In fragmented models, SAM is often omitted because it is perceived as duplicative or non clinical.

 

Infrequency of Screening

 

Some ASCs perform exclusion checks only at onboarding. Federal enforcement actions consistently emphasize the need for ongoing monitoring. Individuals and entities can become excluded after initial engagement, creating risk if checks are not repeated.

 

Practical Barriers Within SAM Itself

 

SAM is not designed for healthcare workflows.

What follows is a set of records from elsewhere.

Lemma inT_sync_bounded k tau : inT S 0 tau -> inT S k.+1 tau.
Proof. by move=> [trace sync]; split; last exact: synchronous_kbounded_fifo. Qed.

Lemma ST_sync_bounded k x : ST (S := S) 0 x -> ST (S := S) k.+1 x.
Proof.
case: x => [s | [s c]] [tau [inT0 rest]]; exists tau; split=> //.
all: exact: inT_sync_bounded.
Qed.

Lemma not_synchronizable_of_run k tau c :
  runs (c0 S) tau c -> kbounded_fifo k.+1 tau -> stable c ->
  ~ runs (c0 S) (sync_trace (sends tau)) c -> ~ synchronizable S.
Proof.
move=> run bounded stable_c no_sync_run synchronizable_S.
have : STomega (S := S) (inr (sends tau, c)).
  by exists k.+1, tau; split; first by split; first by exists c.
move=> /synchronizable_S [_ [[_ [s ->]] [run' [_ Esends]]]].
by apply: no_sync_run; rewrite Esends sends_sync_trace.
Qed.

End Runs.

Section Exploration.
Variables (M : msgset) (S : system M) (msgs : seq (msg M)) (states : seq (state S)).
Hypotheses (msgsP : forall a, a \in msgs) (statesP : forall q, q \in states).
Local Notation peer := 'I_(npeers M).
Local Notation channel := (peer * peer)%type.
Implicit Types (c : config S) (tau : seq (action M)).

Definition peers : seq peer := ordinals _.
Definition channels : seq channel := [seq (i, j) | i <- peers, j <- peers].

Lemma mem_channels p : p \in channels.
Proof. by case: p => i j; apply: allpairs_f; apply: mem_ordinals. Qed.

Definition snapshot := (seq (state S) * seq (seq (msg M)))%type.
Implicit Type L : seq (snapshot * seq (msg M)).

Definition snap c : snapshot := (map (cst c) peers, map (cch c) channels).

Definition snap0 : snapshot := (map (init S) peers, map (fun=> [::]) channels).

Definition snap_state (g : snapshot) (i : peer) := nth (init S i) g.1 (index i peers).

Definition snap_chan (g : snapshot) (p : channel) := nth [::] g.2 (index p channels).

Lemma snap_stateE c i : snap_state (snap c) i = cst c i.
Proof. exact/nth_map_index/mem_ordinals. Qed.

Lemma snap_chanE c p : snap_chan (snap c) p = cch c p.
Proof. exact/nth_map_index/mem_channels. Qed.

Lemma snap_inj : injective snap.
Proof.
move=> [st1 ch1] [st2 ch2] [/eq_in_map Est /eq_in_map Ech].
by congr Config; apply/ffunP => x;
  [apply: Est; apply: mem_ordinals | apply: Ech; apply: mem_channels].
Qed.

Lemma snap_Config (f : peer -> state S) (h : channel -> seq (msg M)) :
  snap (Config (finfun f) (finfun h)) = (map f peers, map h channels).
Proof. by congr pair; apply: eq_map => ?; rewrite ffunE. Qed.

Lemma snap_c0 : snap (c0 S) = snap0.
Proof. exact: snap_Config. Qed.

Definition snap_step (g : snapshot) (x : action M) (q' : state S) : option snapshot :=
  let next_states i := [seq if k == i then q' else snap_state g k | k <- peers] in
  let next_chans ch (f : channel -> seq (msg M)) :=
    [seq if p == ch then f p else snap_chan g p | p <- channels] in
  match x with
  | Send a =>
      if delta (src a) (snap_state g (src a)) x q' then
        Some (next_states (src a),
              next_chans (src a, dst a) (fun p => rcons (snap_chan g p) a))
      else None
  | Recv a =>
      if delta (dst a) (snap_state g (dst a)) x q' then
        if snap_chan g (src a, dst a) is b :: w then
          if b == a then Some (next_states (dst a), next_chans (src a, dst a) (fun=> w))
          else None
        else None
      else None
  end.

Lemma snap_step_complete c x c' :
  step c x c' -> exists q', snap_step (snap c) x q' = Some (snap c').
Proof.
case: x => a /=.
  move=> [q' [trans ->]]; exists q'; rewrite snap_stateE trans snap_Config.
  by congr (Some (_, _)); apply: eq_map => ?; rewrite ?snap_stateE ?snap_chanE.
move=> [q' [w [trans [Ech ->]]]]; exists q'.
rewrite snap_stateE trans snap_chanE Ech eqxx snap_Config.
by congr (Some (_, _)); apply: eq_map => ?; rewrite ?snap_stateE ?snap_chanE.
Qed.

Lemma snap_step_sound c x q' g :
  snap_step (snap c) x q' = Some g -> exists2 c', step c x c' & snap c' = g.
Proof.
case: x => a /=; rewrite snap_stateE; case: ifP => // trans.
  move=> [<-]; eexists; first by exists q'; split; first exact: trans.
  by rewrite snap_Config; congr (_, _); apply: eq_map => ?; rewrite ?snap_stateE ?snap_chanE.
rewrite snap_chanE; case Ech: (cch c _) => [|b w] //; case: eqP => // Eba [<-]; subst b.
eexists; first by exists q', w; split; first exact: trans.
by rewrite snap_Config; congr (_, _); apply: eq_map => ?; rewrite ?snap_stateE ?snap_chanE.
Qed.

Definition snap_succ (g : snapshot) (x : action M) : seq snapshot :=
  pmap (snap_step g x) states.

Lemma mem_snap_succ c x g : g \in snap_succ (snap c) x <-> exists2 c', step c x c' & snap c' = g.
Proof.
rewrite mem_pmap; split; first by move=> /mapP [q' _ /esym /snap_step_sound].
move=> [c' step_c <-]; have [q' Eq'] := snap_step_complete step_c.
by apply/mapP; exists q'; rewrite ?statesP ?Eq'.
Qed.

Fixpoint snap_reach (g : snapshot) tau : seq snapshot :=
  if tau is x :: tau' then flatten [seq snap_reach g' tau' | g' <- snap_succ g x] else [:: g].

Lemma snap_reachP c tau g :
  g \in snap_reach (snap c) tau <-> exists2 c', runs c tau c' & snap c' = g.
Proof.
elim: tau c => [|x tau IHtau] c /=.
  rewrite mem_seq1; split; first by move=> /eqP ->; exists c; first exact: runs_nil.
  by move=> [c' /runs_nil_inv -> <-].
split.
  move=> /flatten_mapP [_ /mem_snap_succ [c1 step1 <-]] /(IHtau c1) [c' run' <-].
  by exists c'; first exact: runs_cons step1 run'.
move=> [c' run Eg]; inversion run as [|? ? c1 ? ? step1 run1]; subst.
apply/flatten_mapP; exists (snap c1); first by apply/mem_snap_succ; exists c1.
by apply/IHtau; exists c'.
Qed.

Definition snap_stable (g : snapshot) :=
  all (fun p => (p.1 == p.2) || (snap_chan g p == [::])) channels.

Lemma snap_stableP c : reflect (stable c) (snap_stable (snap c)).
Proof.
apply: (iffP allP) => [empty i j ij | st [i j] _ /=].
  by have := empty (i, j) (mem_channels _); rewrite /= (negbTE ij) snap_chanE => /eqP.
by rewrite snap_chanE; case: eqP => [// | /eqP ij]; rewrite st.
Qed.

Definition snap_bounded k (g : snapshot) := all (fun w => size w <= k) g.2.

Lemma snap_bounded_config k c : (forall p, size (cch c p) <= k) -> snap_bounded k (snap c).
Proof. by move=> small; apply/allP => _ /mapP [p _ ->]. Qed.

(* A certificate entry pairs a snapshot with the messages sent on the way to it. *)
Definition bounded_succ k (e : snapshot * seq (msg M)) : seq (snapshot * seq (msg M)) :=
  flatten [seq [seq (g, e.2 ++ [:: a]) | g <- snap_succ e.1 (Send a) & snap_bounded k g]
            ++ [seq (g, e.2) | g <- snap_succ e.1 (Recv a) & snap_bounded k g]
          | a <- msgs].

Lemma mem_bounded_succ k e x g :
  g \in snap_succ e.1 x -> snap_bounded k g -> (g, e.2 ++ sends [:: x]) \in bounded_succ k e.
Proof.
move=> succ_g bounded_g; apply/flatten_mapP.
case: x succ_g => a succ_g; exists a; rewrite ?msgsP // mem_cat.
  by apply/orP; left; apply/mapP; exists g; rewrite ?mem_filter ?bounded_g.
by apply/orP; right; apply/mapP; exists g; rewrite ?mem_filter ?bounded_g ?cats0.
Qed.

Definition bounded_closed k L := all (fun e => all (mem L) (bounded_succ k e)) L.

Definition bounded_explore k n :=
  iter n (fun L => undup (L ++ flatten [seq bounded_succ k e | e <- L])) [:: (snap0, [::])].
From HB Require Import structures.
From mathcomp Require Import all_boot all_order all_algebra.
From mathcomp Require Import all_classical all_reals all_analysis.
From mathcomp Require Import measurable_realfun ring lra.
Set Implicit Arguments.
Unset Strict Implicit.
Unset Printing Implicit Defensive.
Import Order.TTheory GRing.Theory Num.Theory.
Import numFieldNormedType.Exports.
Local Open Scope classical_set_scope.
Local Open Scope ring_scope.

(* Concavity of
   u_x with u_x(0) = 0 makes the slope u_x(t)/t nonincreasing on (0, +oo), so
   its primitive G_x is concave; the finite right derivative at 0 bounds the
   slope, which makes it integrable.  The perspective term -n c(s/n) of a
   convex c is concave.  Strictness comes from c in case (b).  In case (a),
   two distinct points of n Delta have the same coordinate sum, so they differ
   in at least two coordinates, one of which carries a strictly concave u_x. *)

Section interval_integrals.
Context {R : realType}.
Local Notation mu := (@lebesgue_measure R).

Lemma bounded_integrable_itv (f : R -> R) (a b M : R) :
  measurable_fun `[a, b] f -> (forall t, a <= t <= b -> `|f t| <= M) ->
  mu.-integrable `[a, b] (EFin \o f).
Proof.
move=> mf f_le; have ab_finite : (mu `[a, b] < +oo)%E.
  rewrite lebesgue_measure_itv /=; case: ifP => _; last exact: ltry.
  by rewrite -EFinD ltry.
apply: measurable_bounded_integrable ab_finite mf _ => //.
rewrite /bounded_near; near=> N => t /= abt; apply: (le_trans (f_le t _)).
  by move: abt; rewrite /= in_itv.
by near: N; apply: nbhs_pinfty_ge; exact: num_real.
Unshelve. all: by end_near.
Qed.

Lemma lebesgue_measure_itv_oc (a b : R) : a <= b -> fine (mu `]a, b]) = b - a.
Proof.
move=> ab; rewrite lebesgue_measure_itv /= lte_fin; case: ltP => //= ba.
have -> : b = a by apply/eqP; rewrite eq_le ab ba.
by rewrite subrr.
Qed.

Lemma integrable_itv_oc_cst (a b k : R) :
  mu.-integrable `]a, b] (EFin \o cst k).
Proof.
have := @bounded_integrable_itv (cst k) a b `|k| (measurable_cst k) (fun t _ => lexx _).
by apply: integrableS => //; apply: subset_itvr; rewrite bnd_simp.
Qed.

Lemma Rintegral_itv_oc_ge (g : R -> R) (a b k : R) : a <= b ->
  mu.-integrable `]a, b] (EFin \o g) -> (forall x, a < x <= b -> k <= g x) ->
  (b - a) * k <= Rintegral mu `]a, b] g.
Proof.
move=> ab g_int k_le.
rewrite -(lebesgue_measure_itv_oc ab) mulrC -Rintegral_cst //.
by apply: le_Rintegral => //; exact: integrable_itv_oc_cst.
Qed.

Lemma Rintegral_itv_oc_le (g : R -> R) (a b k : R) : a <= b ->
  mu.-integrable `]a, b] (EFin \o g) -> (forall x, a < x <= b -> g x <= k) ->
  Rintegral mu `]a, b] g <= (b - a) * k.
Proof.
move=> ab g_int le_k.
rewrite -(lebesgue_measure_itv_oc ab) mulrC -Rintegral_cst //.
by apply: le_Rintegral => //; exact: integrable_itv_oc_cst.
Qed.

End interval_integrals.

Section concavity_on_nonneg.
Context {R : realType}.

Lemma concave_on_nonneg_lt (f : R -> R) :
  (forall a b t, 0 <= a -> a < b -> 0 < t < 1 ->
     t * f a + (1 - t) * f b <= f (t * a + (1 - t) * b)) ->
  concave_on_nonneg f.
Proof.
move=> f_lt a b t a0 b0 /andP[t0 t1].
have [->|t_neq0] := eqVneq t 0; first by rewrite !mul0r !add0r subr0 !mul1r.
have [->|t_neq1] := eqVneq t 1; first by rewrite subrr !mul0r !addr0 !mul1r.
have t01 : 0 < t < 1 by rewrite !lt_neqAle eq_sym t_neq0 t_neq1 t0 t1.
have [ab|ba|<-] := ltgtP a b; first exact: f_lt.
- have t01' : 0 < 1 - t < 1 by case/andP: t01 => ? ?; apply/andP; split; lra.
  have := f_lt b a (1 - t) b0 ba t01'; rewrite subKr.
  by rewrite addrC [X in _ <= f X]addrC.
- have -> : t * a + (1 - t) * a = a by ring.
  by have -> : t * f a + (1 - t) * f a = f a by ring.
Qed.

Lemma concave_on_nonneg_by_slopes (f : R -> R) :
  (forall a p b, 0 <= a -> a < p -> p < b ->
     exists k, (p - a) * k <= f p - f a /\ f b - f p <= (b - p) * k) ->
  concave_on_nonneg f.
Proof.
move=> slopes; apply: concave_on_nonneg_lt => a b t a0 ab /andP[t0 t1].
set p := t * a + (1 - t) * b.
have ap : a < p by rewrite /p; nra.
have pb : p < b by rewrite /p; nra.
have [k [lb ub]] := slopes a p b a0 ap pb.
have := ler_wpM2l (ltW t0) lb.
have t1_gt0 : 0 < 1 - t by rewrite subr_gt0.
have := ler_wpM2l (ltW t1_gt0) ub.
rewrite /p; nra.
Qed.

Lemma concave_on_nonneg_comb (r1 r2 : R) (f g : R -> R) : 0 <= r1 -> 0 <= r2 ->
  concave_on_nonneg f -> concave_on_nonneg g ->
  concave_on_nonneg (fun s => r1 * f s + r2 * g s).
Proof.
move=> r1_ge0 r2_ge0 f_concave g_concave a b t a0 b0 t01.
have := ler_wpM2l r1_ge0 (f_concave a b t a0 b0 t01).
have := ler_wpM2l r2_ge0 (g_concave a b t a0 b0 t01).
lra.
Qed.

Lemma strictly_concave_on_nonneg_comb (r1 r2 : R) (f g : R -> R) :
  0 <= r1 -> 0 < r2 ->
  concave_on_nonneg f -> strictly_concave_on_nonneg g ->
  strictly_concave_on_nonneg (fun s => r1 * f s + r2 * g s).
Proof.
move=> r1_ge0 r2_gt0 f_concave g_strict a b t a0 b0 ab t01.
have t01' : 0 <= t <= 1 by case/andP: t01 => t0 t1; rewrite !ltW.
have := ler_wpM2l r1_ge0 (f_concave a b t a0 b0 t01').
have := g_strict a b t a0 b0 ab t01; rewrite -(ltr_pM2l r2_gt0).
lra.
Qed.

End concavity_on_nonneg.

Section nonincreasing_on_pos.
Context {R : realType}.
Local Notation mu := (@lebesgue_measure R).
Variable g : R -> R.
Hypothesis g_noninc : forall x y, 0 < x -> x <= y -> g y <= g x.

Lemma measurable_fun_itv0_nonincreasing (L s : R) :
  (forall t, 0 < t -> g t <= L) -> measurable_fun `[0, s] g.
Proof.
move=> g_le; pose h t := if 0 < t then g t else L.
have h_noninc : nonincreasing_fun h.
  move=> x y xy; rewrite /h.
  case: (ltP 0 x) => x0; case: (ltP 0 y) => y0 //.
  - exact: g_noninc.
  - by move: (lt_le_trans x0 xy); rewrite ltNge y0.
  - exact: g_le.
apply/measurable_fun_itv_obnd_cbndP.
apply: (eq_measurable_fun h); last exact: nonincreasing_measurable.
by move=> t; rewrite inE /= in_itv /= /h => /andP[->].
Qed.

Lemma concave_on_nonneg_primitive :
  (forall s, 0 <= s -> mu.-integrable `[0, s] (EFin \o g)) ->
  concave_on_nonneg (fun s => Rintegral mu `[0, s] g).
Proof.
move=> g_int; apply: concave_on_nonneg_by_slopes => a p b a0 ap pb.
have p0 : 0 < p := le_lt_trans a0 ap.
have b0 : 0 <= b := ltW (lt_trans p0 pb).
have primitiveB x y : 0 <= x -> x <= y ->
    Rintegral mu `[0, y] g - Rintegral mu `[0, x] g = Rintegral mu `]x, y] g.
  move=> x0 xy; apply: Rintegral_itvB; rewrite ?bnd_simp //.
  exact: g_int (le_trans x0 xy).
have int_oc x y : 0 <= x -> x <= y -> mu.-integrable `]x, y] (EFin \o g).
  move=> x0 xy; apply: integrableS (g_int _ (le_trans x0 xy)) => //.
  by apply: subset_itvr; rewrite bnd_simp.
exists (g p); rewrite !primitiveB ?(ltW ap) ?(ltW pb) ?(ltW p0) //; split.
- apply: Rintegral_itv_oc_ge (ltW ap) (int_oc _ _ a0 (ltW ap)) _ => x /andP[ax xp].
  exact: g_noninc (le_lt_trans a0 ax) xp.
- apply: Rintegral_itv_oc_le (ltW pb) (int_oc _ _ (ltW p0) (ltW pb)) _ => x /andP[px xb].
  exact: g_noninc p0 (ltW px).
Qed.

End nonincreasing_on_pos.
(* Let $c = 1.40759\ldots$ denote the largest real root of $x^6 - 2x^2 - 2x - 1 = 0$ (note $c < \sqrt{2}$). For all integers $n \ge 1$ and $t$ with $0 \le t \le n/2$, every triangle-free graph $G$ on $n$ vertices that contains no induced matching of size $t+1$ satisfies \[ \mathrm{mis}(G) \le 2^t c^{\,n-2t}. \] That is, $\mathrm{mis}_{\triangle,t}(n) \le 2^t c^{n-2t}$.
   Context: All graphs are finite and simple. For a graph $G$, $\mathrm{mis}(G)$ denotes the number of maximal independent sets of $G$. An induced matching in $G$ is a set of pairwise vertex-disjoint edges of $G$ such that the subgraph induced by their endpoints consists of exactly these edges; its size is the number of edges. $\mathrm{mis}_{\triangle,t}(n)$ denotes the maximum of $\mathrm{mis}(G)$ over all $n$-vertex triangle-free graphs $G$ containing no induced matching of size $t+1$. *)

From HB Require Import structures.
From mathcomp Require Import all_boot all_order all_algebra.
From mathcomp Require Import reals.
Set Implicit Arguments. Unset Strict Implicit. Unset Printing Implicit Defensive.

Definition simple_graph (T : finType) (e : rel T) :=
  symmetric e /\ irreflexive e.

Definition triangle_free (T : finType) (e : rel T) :=
  forall x y z : T, ~~ [&& e x y, e y z & e x z].

Definition independent (T : finType) (e : rel T) (S : {set T}) : bool :=
  [forall x in S, forall y in S, ~~ e x y].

Challenges that cause deprioritization include:


• A non-intuitive interface
• Entity based listings instead of individual records
• Variations in legal names and aliases
• Lack of internal training on how to search effectively

 

Without clear policy and education, SAM screening is often overlooked.

 

The Risk of Skipping SAM Screening

 

The consequences of missed SAM exclusions extend beyond technical noncompliance. Potential impacts include:


• Identification of overpayments
• Civil monetary penalties
• False claims exposure
• Complications during payer or CMS audits
• Accreditation and reputational risk

 

These risks are cumulative and often surface during reviews that look back multiple years.

 

SAM sanctions checks are not a niche or optional compliance activity for ambulatory surgery centers. They are a practical reflection of how federal oversight expects providers to safeguard federal funds. When SAM is excluded from routine screening, ASCs create avoidable exposure that often surfaces only during audits, transactions, or enforcement reviews. Incorporating SAM into ongoing exclusion monitoring strengthens compliance programs, clarifies accountability, and reduces downstream risk. For ASCs focused on sustainability and defensibility, SAM screening is not an added burden but a baseline expectation.